My objective is best served if I stay at a higher level of abstraction. I’ll be so global and pretentious that I’ll not cause harm. A few ideas may resonate. At best, a few may incorporate something into their respective processes. At worst, it’s time-pass. Discussing individual companies achieves the opposite effect. No matter how many caveats I place, it morphs into stock advice, given how this sort of thing typically works. If I say great business but overvalued, it sounds like stock could go down. If I don’t comment on valuation, it sounds like a buy recommendation. If I praise something to the sky, it sounds like buy at any price (one of the most dangerous notions in investing). I’d like to avoid this sort of impression, even if it’s inadvertent and to a fraction of readers. That’s why I fall back on Asian Paints or HDFC Bank as illustrations, as everyone knows they are placeholder examples.
Why should I bother when it’s buyer-beware? Because I have to live with myself. Most of the time, stocks are peddled in a manner that is morally equivalent to robbing blind beggars. There is an insane amount of suckering of the gullible through biased, shitty stock advice, explicit and implicit.

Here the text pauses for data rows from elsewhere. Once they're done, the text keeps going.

(* Let $k$ be an even positive integer and $m\geq 1$ an integer. Let $G$ be a connected graph whose complement $\overline{G}$ is isomorphic to the disjoint union of $\frac{k}{2}$ copies of the path $P_5$ (on 5 vertices) and $m$ isolated vertices. Then $G$ has exactly $k$ basis forced vertices and $\dim(G)=k+m-1$.
   Context: All graphs are finite and simple. $\overline{G}$ denotes the complement graph. For vertices $u,v$ of a connected graph $G$, $d(u,v)$ is the length of a shortest $u$–$v$ path. A set $R\subseteq V(G)$ is a resolving set if for all distinct $x,y\in V(G)$ there is $r\in R$ with $d(r,x)\neq d(r,y)$. The metric dimension $\dim(G)$ is the minimum cardinality of a resolving set, and a resolving set of cardinality $\dim(G)$ is a metric basis. A vertex is a basis forced vertex if it belongs to every metric basis of $G$. *)

From mathcomp Require Import all_boot.
Set Implicit Arguments. Unset Strict Implicit. Unset Printing Implicit Defensive.

Section Graphs.
Variable T : finType.
Implicit Types (e : rel T) (x y : T) (R : {set T}).

Definition simple_graph e := symmetric e /\ irreflexive e.

Definition compl_graph e : rel T := fun x y => (x != y) && ~~ e x y.

Definition connected_graph e := forall x y, connect e x y.

Definition walk_of_len e n x y : bool :=
  [exists p : n.-tuple T, path e x p && (last x p == y)].

(* d(x,y): least n such that an x-y walk of length n exists
   (for connected graphs such n exists and is < #|T|) *)
Definition dist e x y : nat :=
  find (fun n => walk_of_len e n x y) (iota 0 #|T|).

Definition resolving e R : bool :=
  [forall x, forall y, (x != y) ==> [exists r in R, dist e r x != dist e r y]].

Definition metric_dim e : nat :=
  #|[arg min_(R < [set: T] | resolving e R) #|R|]|.

Definition metric_basis e R : bool :=
  resolving e R && (#|R| == metric_dim e).

Definition basis_forced_set e : {set T} :=
  [set v | [forall R : {set T}, metric_basis e R ==> (v \in R)]].

End Graphs.

Definition P5s_iso_type (p m : nat) : finType := (('I_p * 'I_5) + 'I_m)%type.

Definition P5s_iso_rel (p m : nat) : rel (P5s_iso_type p m) :=
  fun u v => match u, v with
  | inl (i, a), inl (j, b) =>
      (i == j) && (((nat_of_ord a).+1 == b) || ((nat_of_ord b).+1 == a))
  | _, _ => false
  end.

Arguments P5s_iso_rel : clear implicits.

Definition graph_iso (T U : finType) (e : rel T) (e' : rel U) : Prop :=
  exists f : T -> U, bijective f /\ forall x y, e x y = e' (f x) (f y).

From mathcomp Require Import all_boot zify.
Set Implicit Arguments. Unset Strict Implicit. Unset Printing Implicit Defensive.
Lemma hierarchy_theta_const k :
  (forall I th, I * Derive (fun y => g k I y) th = 0) ->
  forall I th, g k I th = g k I 0.
Proof.
  intros Hk.
  assert (Hne : forall I, I <> 0 -> forall th, g k I th = g k I 0).
  { intros I HI th. apply (is_derive_zero_const (fun y => g k I y)). intros y.
    assert (Hd := hierarchy_is_derive_th k I y).
    destruct (Rmult_integral _ _ (Hk I y)) as [| Hzero]; [contradiction |].
    now rewrite Hzero in Hd. }
  intros I th. destruct (Req_dec I 0) as [-> | HI]; [| now apply Hne].
  (* At [I = 0] the equation says nothing; continuity in [I] carries the identity over. *)
  set (h := fun x => g k x th - g k x 0).
  enough (h 0 = 0) by (unfold h in *; lra).
  apply (continuous_zero_of_left h 0 1 Rlt_0_1).
  - apply (ex_derive_continuous h), (ex_derive_minus (fun x => g k x th) (fun x => g k x 0)).
    + exact (ex_intro _ _ (hierarchy_is_derive_I k 0 th)).
    + exact (ex_intro _ _ (hierarchy_is_derive_I k 0 0)).
  - intros y Hy. unfold h. rewrite (Hne y) by lra. ring.
Qed.

Lemma hierarchy_I_const k :
  (forall I th, g k I th = g k I 0) ->
  forall I th, Derive (fun x => g k x th) I = 0.
Proof.
  intros Hk I th.
  set (d := Derive (fun x => g k x 0) I).
  assert (Hd : forall y, Derive (fun x => g k x y) I = d).
  { intros y. apply Derive_ext. intros x. apply Hk. }
  rewrite Hd.
  set (phi := fun y => I * g (S k) I y + d * (y - beta * cos y)).
  assert (Hphi : forall y, is_derive phi y 0).
  { intros y. unfold phi.
    replace 0 with (I * Derive (fun y => g (S k) I y) y + d * (1 + beta * sin y))
      by (rewrite <- (hierarchy_step k I y), Hd; ring).
    apply (is_derive_plus (V := R_NormedModule)); apply is_derive_scal.
    - apply hierarchy_is_derive_th.
    - auto_derive; [constructor | ring]. }
  assert (Hper := is_derive_zero_const phi Hphi (0 + 2 * PI) 0).
  unfold phi in Hper. rewrite g_periodic, Rplus_0_l, cos_2PI, cos_0 in Hper.
  assert (Hd2pi : d * (2 * PI) = 0) by lra.
  pose proof PI_RGT_0.
  destruct (Rmult_integral _ _ Hd2pi); [assumption | lra].
Qed.

Lemma hierarchy_theta_derive k : forall I th, I * Derive (fun y => g k I y) th = 0.
Proof.
  induction k as [|k IH]; intros I th; [apply hierarchy_base |].
  pose proof (hierarchy_step k I th) as Hs.
  rewrite (hierarchy_I_const k (hierarchy_theta_const k IH)) in Hs. lra.
Qed.

Lemma hierarchy_const k I th : g k I th = g k 0 0.
Proof.
  pose proof (hierarchy_theta_const k (hierarchy_theta_derive k)) as Htheta.
  rewrite Htheta. apply (is_derive_zero_const (fun x => g k x 0)). intros x.
  assert (Hd := hierarchy_is_derive_I k x 0).
  now rewrite (hierarchy_I_const k Htheta) in Hd.
Qed.

End TransportHierarchy.

Definition eps_coef (F : R -> R -> R -> R) (k : nat) (I th : R) : R := taylor_coef (F I th) k.

Section FirstIntegral.

Variables (beta eps0 : R) (F : R -> R -> R -> R).
Hypothesis eps0_gt0 : 0 < eps0.
Hypothesis F_analytic : forall I th e, - eps0 < e < eps0 -> analytic3_at F I th e.
Hypothesis F_periodic : forall I th e, - eps0 < e < eps0 -> F I (th + 2 * PI) e = F I th e.
Hypothesis F_invariant : forall I th e, - eps0 < e < eps0 ->
  e * (beta * sin th + 1) * Derive (fun J => F J th e) I
  + I * Derive (fun t => F I t e) th = 0.

Lemma eps_coef_periodic k I th : eps_coef F k I (th + 2 * PI) = eps_coef F k I th.
Proof.
  unfold eps_coef, taylor_coef. f_equal. apply Derive_n_ext_loc.
  apply (locally_interval _ 0 (- eps0) eps0); simpl; [lra | lra |].
  intros e H1 H2. apply F_periodic. lra.
Qed.
(* Let $S$ be a semigroup, let $a\in S$, and define $$P=\{x\in Sa: x\,\mathscr L\, ax\},\quad P'=\{x\in Sa: x\,\mathscr J\, ax\},\quad P''=\{x\in S: x\in xSa\},\quad P'''=\{x\in S: x\in S^1xSa\}.$$ For $x\in Sa$, write $K_x$ for the $\mathscr K$-class of $x$ in $S$ and $K^a_x$ for the $\mathscr K$-class of $x$ in the semigroup $Sa$, for $\mathscr K\in\{\mathscr L,\mathscr R,\mathscr H,\mathscr D,\mathscr J\}$. Then for every $x\in Sa$: (i) $L^a_x=L_x\cap P$ if $x\in P$, and $L^a_x=\{x\}$ if $x\notin P$; (ii) $R^a_x=R_x\cap P''$ if $x\in P''$, and $R^a_x=\{x\}$ if $x\notin P''$; (iii) $H^a_x=H_x$ if $x\in P\cap P''$, and $H^a_x=\{x\}$ if $x\notin P\cap P''$; (iv) $D^a_x=D_x\cap P\cap P''$ if $x\in P\cap P''$; $D^a_x=R^a_x$ if $x\notin P$; and $D^a_x=L^a_x$ if $x\notin P''$; (v) $J^a_x=J_x\cap P'\cap P'''$ if $x\in P'\cap P'''$, and $J^a_x=D^a_x$ if $x\notin P'\cap P'''$.
   Context: $Sa=\{xa:x\in S\}$. $S^1$ denotes $S$ with an identity adjoined if $S$ is not a monoid. Green's relations on a semigroup $T$: $x\,\mathscr L\,y$ iff $T^1x=T^1y$; $x\,\mathscr R\,y$ iff $xT^1=yT^1$; $x\,\mathscr J\,y$ iff $T^1xT^1=T^1yT^1$; $\mathscr H=\mathscr L\cap\mathscr R$; $\mathscr D=\mathscr L\vee\mathscr R=\mathscr L\circ\mathscr R$. The relations on $S$ and on $Sa$ are computed in the respective semigroups. *)

Section Green.
Variable S : Type.
Variable mul : S -> S -> S.

(* Elements of T^1 for a subsemigroup T (given as a predicate): None is the
   adjoined identity, Some t with T t. *)
Definition in1 (T : S -> Prop) (u : option S) : Prop :=
  match u with None => True | Some t => T t end.
Definition lmul1 (u : option S) (x : S) : S :=
  match u with None => x | Some t => mul t x end.
Definition rmul1 (x : S) (u : option S) : S :=
  match u with None => x | Some t => mul x t end.

Definition inT1l (T : S -> Prop) (x y : S) : Prop :=
  exists u, in1 T u /\ x = lmul1 u y.
Definition inT1r (T : S -> Prop) (x y : S) : Prop :=
  exists u, in1 T u /\ x = rmul1 y u.
Definition inT1lr (T : S -> Prop) (x y : S) : Prop :=
  exists u v, in1 T u /\ in1 T v /\ x = rmul1 (lmul1 u y) v.

(* Green's relations computed in the subsemigroup T (for T = whole S,
   use T := fun _ => True). *)
Definition GL (T : S -> Prop) (x y : S) : Prop := inT1l T x y /\ inT1l T y x.
Definition GR (T : S -> Prop) (x y : S) : Prop := inT1r T x y /\ inT1r T y x.
Definition GH (T : S -> Prop) (x y : S) : Prop := GL T x y /\ GR T x y.
Definition GD (T : S -> Prop) (x y : S) : Prop :=
  exists z, T z /\ GL T x z /\ GR T z y.
Definition GJ (T : S -> Prop) (x y : S) : Prop := inT1lr T x y /\ inT1lr T y x.

Definition full : S -> Prop := fun _ => True.

Definition Sa (a : S) : S -> Prop := fun x => exists s, x = mul s a.

Definition PP (a : S) (x : S) : Prop := Sa a x /\ GL full x (mul a x).
Definition PP' (a : S) (x : S) : Prop := Sa a x /\ GJ full x (mul a x).
Definition PP'' (a : S) (x : S) : Prop := exists s, x = mul (mul x s) a.
Definition PP''' (a : S) (x : S) : Prop :=
  exists u s, in1 full u /\ x = lmul1 u (mul (mul x s) a).

End Green.

Arguments in1 {S} T u.
Arguments lmul1 {S} mul u x.
Arguments rmul1 {S} mul x u.
Arguments inT1l {S} mul T x y.
Arguments inT1r {S} mul T x y.
Arguments inT1lr {S} mul T x y.
Arguments GL {S} mul T x y.
Arguments GR {S} mul T x y.
Arguments GH {S} mul T x y.
Arguments GD {S} mul T x y.
Arguments GJ {S} mul T x y.
Arguments Sa {S} mul a x.
Arguments PP {S} mul a x.
Arguments PP' {S} mul a x.
Arguments PP'' {S} mul a x.
Arguments PP''' {S} mul a x.

From Stdlib Require Import Setoid.

Set Implicit Arguments.
Unset Strict Implicit.

(* Everything holds for an arbitrary left ideal T of S, not only for T = Sa.
   If x and y are Green-related in T by multipliers that are not both the
   adjoined identity, composing them exhibits x in Tx (for L), in xT (for R)
   or in TxT (for J); otherwise x = y, or, for J, x and y are already L- or
   R-related.  Conversely, for elements of Tx (resp. xT, TxT) the multipliers
   from S^1 witnessing a Green relation in S can be absorbed into T, because
   (S^1)T is contained in T.  The sets P, P'' and P' /\ P''' are exactly the
   elements of T lying in Tx, in xT and in TxT. *)

Section LeftIdeal.

Variable S : Type.
Variable mul : S -> S -> S.
Hypothesis assoc : forall x y z, mul x (mul y z) = mul (mul x y) z.
Variable T : S -> Prop.
Hypothesis T_lmul : forall s t, T t -> T (mul s t).

Local Notation lm := (lmul1 mul).
Local Notation rm := (rmul1 mul).
Local Notation full := (full S).

Local Ltac assoc_norm := simpl; rewrite ?assoc; reflexivity.

Definition mul1 (u v : option S) : option S :=
  match u, v with
  | None, _ => v
  | Some p, None => Some p
  | Some p, Some q => Some (mul p q)
  end.

Lemma mul1_None u v : mul1 u v = None -> u = None /\ v = None.
Proof. destruct u, v; simpl; try discriminate; auto. Qed.

Lemma in1_mul1 u v : in1 T u -> in1 T v -> in1 T (mul1 u v).
Proof. destruct u, v; simpl; auto. Qed.

Lemma in1_full u : in1 full u.
Proof. destruct u; exact I. Qed.

Lemma lmul1_rmul1 u x v : lm u (rm x v) = rm (lm u x) v.
Proof. destruct u, v; assoc_norm. Qed.

Lemma lmul1_rmul1_mul1 u u' x v' v :
  rm (lm u (rm (lm u' x) v')) v = rm (lm (mul1 u u') x) (mul1 v' v).
Proof. destruct u, u', v, v'; assoc_norm. Qed.

Lemma T_lmul1 u t : T t -> T (lm u t).
Proof. destruct u; simpl; auto. Qed.

Lemma T_rmul1 t v : T t -> in1 T v -> T (rm t v).
Proof. destruct v; simpl; auto. Qed.

Definition in_Tx (x : S) : Prop := exists t, T t /\ x = mul t x.
Definition in_xT (x : S) : Prop := exists t, T t /\ x = mul x t.
Definition in_TxT (x : S) : Prop :=
  exists t t', T t /\ T t' /\ x = mul (mul t x) t'.

Lemma in_xT_T x : in_xT x -> T x.
Proof. intros [t [Tt ->]]; auto. Qed.

Lemma in_TxT_T x : in_TxT x -> T x.
Proof. intros [t [t' [_ [Tt' ->]]]]; auto. Qed.

Lemma in_Tx_rmul1 x v : in_Tx x -> in_Tx (rm x v).
Proof.
  intros [t [Tt ex]]; exists t; split; [exact Tt|].
  transitivity (rm (mul t x) v); [rewrite <- ex; reflexivity | destruct v; assoc_norm].
Qed.

Lemma in_xT_lmul1 u x : in_xT x -> in_xT (lm u x).
Proof.
  intros [t [Tt ex]]; exists t; split; [exact Tt|].
  transitivity (lm u (mul x t)); [rewrite <- ex; reflexivity | destruct u; assoc_norm].
Qed.

Lemma GL_refl x : GL mul T x x.
Proof. split; exists None; simpl; auto. Qed.

Lemma GR_refl x : GR mul T x x.
Proof. split; exists None; simpl; auto. Qed.

Lemma GL_full x y : GL mul T x y -> GL mul full x y.
Proof.
  intros [[u [_ e1]] [v [_ e2]]]; split; [exists u | exists v]; auto using in1_full.
Qed.

Lemma GR_full x y : GR mul T x y -> GR mul full x y.
Proof.
  intros [[u [_ e1]] [v [_ e2]]]; split; [exists u | exists v]; auto using in1_full.
Qed.

Lemma GJ_full x y : GJ mul T x y -> GJ mul full x y.
Proof.
  intros [[u [v [_ [_ e1]]]] [u' [v' [_ [_ e2]]]]].
  split; [exists u, v | exists u', v']; auto using in1_full.
Qed.

Lemma GL_eq_or_in_Tx x y : GL mul T x y -> y = x \/ in_Tx x.
Proof.
  intros [[[p|] [Hp e1]] [[q|] [Hq e2]]]; simpl in *; auto.
  right; exists (mul p q); split; [auto|].
  rewrite <- assoc, <- e2; exact e1.
Qed.

Lemma GR_eq_or_in_xT x y : GR mul T x y -> y = x \/ in_xT x.
Proof.
  intros [[[p|] [Hp e1]] [[q|] [Hq e2]]]; simpl in *; auto.
  right; exists (mul q p); split; [auto|].
  rewrite assoc, <- e2; exact e1.
Qed.

Lemma in_Tx_GL x y : in_Tx x -> GL mul T x y -> in_Tx y.
Proof.
  intros [t [Tt ex]] [[u [Hu e1]] [v [Hv e2]]].
  exists (lm v (rm t u)); split; [auto using T_lmul1, T_rmul1|].
  transitivity (lm v (mul t (lm u y))); [rewrite <- e1, <- ex; exact e2|].
  destruct u, v; assoc_norm.
Qed.

Lemma in_xT_GR x y : in_xT x -> GR mul T x y -> in_xT y.
Proof.
  intros [t [Tt ex]] [[u [Hu e1]] [v [Hv e2]]].
  exists (rm (lm u t) v); split; [auto using T_lmul1, T_rmul1|].
  transitivity (rm (mul (rm y u) t) v); [rewrite <- e1, <- ex; exact e2|].
  destruct u, v; assoc_norm.
Qed.

Lemma in_TxT_GJ x y : in_TxT x -> GJ mul T x y -> in_TxT y.
Proof.
  intros [t [t' [Tt [Tt' ex]]]] [[u [v [Hu [Hv e1]]]] [u' [v' [Hu' [Hv' e2]]]]].
  exists (rm (lm u' t) u), (rm (lm v t') v').
  split; [auto using T_lmul1, T_rmul1|split; [auto using T_lmul1, T_rmul1|]].
  transitivity (rm (lm u' (mul (mul t (rm (lm u y) v)) t')) v');
    [rewrite <- e1, <- ex; exact e2|].
  destruct u, u', v, v'; assoc_norm.
Qed.

Lemma GL_of_full x y : in_Tx x -> in_Tx y -> GL mul full x y -> GL mul T x y.
Proof.
  intros [t [Tt ex]] [t' [Tt' ey]] [[u [_ e1]] [v [_ e2]]]; split.
  - exists (Some (lm u t')); split; [apply T_lmul1; exact Tt'|].
    transitivity (lm u (mul t' y)); [rewrite <- ey; exact e1 | destruct u; assoc_norm].
  - exists (Some (lm v t)); split; [apply T_lmul1; exact Tt|].
    transitivity (lm v (mul t x)); [rewrite <- ex; exact e2 | destruct v; assoc_norm].
Qed.

Lemma GR_of_full x y : in_xT x -> in_xT y -> GR mul full x y -> GR mul T x y.
Proof.
  intros [t [Tt ex]] [t' [Tt' ey]] [[u [_ e1]] [v [_ e2]]]; split.
  - exists (Some (lm u t)); split; [apply T_lmul1; exact Tt|].
    transitivity (mul (rm y u) t); [rewrite <- e1; exact ex | destruct u; assoc_norm].
  - exists (Some (lm v t')); split; [apply T_lmul1; exact Tt'|].
    transitivity (mul (rm x v) t'); [rewrite <- e2; exact ey | destruct v; assoc_norm].
Qed.

Lemma GJ_of_full x y : in_TxT x -> in_TxT y -> GJ mul full x y -> GJ mul T x y.
Proof.
  intros [t0 [t0' [Tt0 [Tt0' ex]]]] [t [t' [Tt [Tt' ey]]]]
    [[p [q [_ [_ e1]]]] [p' [q' [_ [_ e2]]]]]; split.
  - exists (Some (mul (rm t0 p) t)), (Some (mul (rm t' q) t0')).
    split; [simpl; auto|split; [simpl; auto|]].
    transitivity (mul (mul t0 (rm (lm p (mul (mul t y) t')) q)) t0');
      [rewrite <- ey, <- e1; exact ex|].
    destruct p, q; assoc_norm.
  - exists (Some (mul (rm t p') t0)), (Some (mul (rm t0' q') t')).
    split; [simpl; auto|split; [simpl; auto|]].
    transitivity (mul (mul t (rm (lm p' (mul (mul t0 x) t0')) q')) t');
      [rewrite <- ex, <- e2; exact ey|].
    destruct p', q'; assoc_norm.
Qed.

Innocuous discussions with acquaintances quickly deteriorate into what’s looking good in the market. Investor small-talk involves unsolicited “you should really look at this” advice. Sometimes, buy-side pitches more stocks than sell-side. There’s no good way for an investor to discuss a specific investment without unintended consequences or collateral damage. I may not have great power but it’s best to act with some responsibility.
At the heart of my caution lies a universal truth, underappreciated in times like these. Individual stocks are very risky, irrespective of who else bought it or how strongly they feel about it. No one knows shit. Anything can happen. Every investor gets it wrong. It can get ugly, as has happened to me many times over.
The only way to operate in such an environment is for decisions to be 100% owned by respective investors. Process, decisions and consequences are yours and yours alone. Start from first principles, whatever they are for you. Build independent conviction, using hard evidence. If opinions are an input, seek them from those with industry experience and without agenda. Ignore what other investors are doing or saying, as it’s a terrible input into any investment process. Use others’ research only for business understanding, not as investment advice, that too after discounting for bias, hyperbole and forecasts. Recognize that shit will happen and prepare for it. If it does blow up, focus on how to handle it rather than on whom to blame. A part-time investor who finds this undoable may be better off with index SIP than stock picking.
This is a place where buyer should really beware. Not merely of the stock being bought, but of the basis on which it’s being bought. In stock markets, borrowed conviction is as bad as borrowed money. In a tiny, futile way, I am trying to pass on that message through what I (don’t) do.